In preparation for the publication of BLAZING A TRAIL:  Your Self Publishing Journey I’m sharing some of the author interviews that are included in the book. Today the featured writer is Lori Devoti.

Lori Devoti is the author of several traditionally and independently published romances. Her most recent Indie release is LOOSEY GOOSEY written under the pen name Rae Davies. You can learn more about her books at her websites: and

Tell us a little about your background and publishing history.

I’ve written for three publishers and had over a dozen works published by them. About three years ago, I put up my first self-published work, a vampire romance short story. To my surprise the story really took off, and I’ve been self-publishing since. I do still have one book to come from one of my publishers, Harlequin Nocturne, but am not pursuing traditional publishing deals at this time.

If you published with a traditional publisher before self-publishing, do you think having a following helped your Indie sales? Why or why not?
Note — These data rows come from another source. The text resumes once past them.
Lemma alpha_out_leD b c e v : 0 <= e ->
  (forall w, G v w -> b v w <= c v w + e) -> alpha_out G b v <= alpha_out G c v + e.
Proof.
move=> e_ge0 le_bc; rewrite /alpha_out; case: pickP => [w0 Gw0|_]; last by rewrite add0r.
have le_out w : G v w -> b v w <= \big[Num.max/c v w0]_(w | G v w) c v w + e.
  by move=> Gvw; apply: le_trans (le_bc _ Gvw) _; rewrite lerD2r le_bigmax_cond.
by apply: bigmax_le => //; apply: le_out.
Qed.

Lemma rhoR_ge0 b v : 0 <= rhoR G b v.
Proof. by rewrite le_max lexx. Qed.

Lemma rhoR_ge b v : alpha_out G b v - alpha_in G b v <= rhoR G b v.
Proof. by rewrite le_max lexx orbT. Qed.

Lemma rhoR_le b v e :
  0 <= e -> alpha_out G b v - alpha_in G b v <= e -> rhoR G b v <= e.
Proof. by move=> e_ge0 le_e; rewrite ge_max e_ge0. Qed.

Lemma rhoR_gt0E b v : 0 < rhoR G b v -> rhoR G b v = alpha_out G b v - alpha_in G b v.
Proof. by rewrite /rhoR lt_max ltxx /= => gt0; rewrite max_r ?ltW. Qed.

Lemma rhoR_eq0 b v : alpha_out G b v <= alpha_in G b v -> rhoR G b v = 0.
Proof. by move=> le_out; apply/le_anti; rewrite rhoR_ge0 rhoR_le // subr_le0. Qed.


Definition reweight alpha p : gfun := fun u w => alpha u w + p u - p w.

Lemma reweight_addc alpha p e : reweight alpha (fun u => p u + e) = reweight alpha p.
Proof. by apply/funext => u; apply/funext => w; rewrite /reweight; ring. Qed.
I really don’t. In fact, I got so sick of people saying that. I self-published my first comic mystery under a pen name that had no connection to me anywhere. Mystery was also a new genre for me, so even if somehow people knew I had written that book, my base wouldn’t have helped me. The book took off.

What led to your decision to self-publish?

I was at a point where I was seriously considering walking away from writing as a career. I was burnt out and tired of feeling like I had no control over anything. When I started making real money off my one little short story, I realized I might have another option.

How long have you been self-publishing?

Around three years.

What were your goals when you began, and how have they changed since then? How do you measure success?

To continue writing and making a living writing without being dependent on publishers and agents.

Did you do a lot of the production process yourself, or did you hire people to do it for you? Were you satisfied with the outcome?

At first I did everything myself, and I made some mistakes. I still do all of my own formatting (and some for others), and a few of my own covers. I hire a copy editor now for all of my stories and a cover designer for most.

How have you spread the word about your work?

I’ve done a few ads at the various sites that promote Kindle deals, at Goodreads, and through Project Wonderful. I also have a web site, newsletter, Facebook pages/profile, and a Twitter account. Most of my success though has just come from the mystery of the algorithm.

What has been the most effective thing you have done to promote your books? What has been the least effective?

Setting the first book in my Dusty Deals Mystery series for free is definitely the most effective thing I’ve done.

Least effective would have to be Goodreads. I don’t see doing that again.

How did your Indie sales evolve? What should a new Indie author expect?

I can’t answer this because it varies a lot by author, genre, etc. Also things have changed a lot, even in just the time since I published my first mystery under my pen name.

What influenced your decision to price your books as you did?

That’s an ever evolving thing too. I noticed in the past few months that Amazon seemed to be giving more love to books that cost more. This encouraged me to raise some of my prices. I do, however, keep my books at under $5. That’s what I’d want to pay myself.

What are your top tips for new Indie authors? What do you wish you had known before you started?

Get a copy editor at least. Next, if you have the money, hire a cover designer. Third pay someone else to format the book.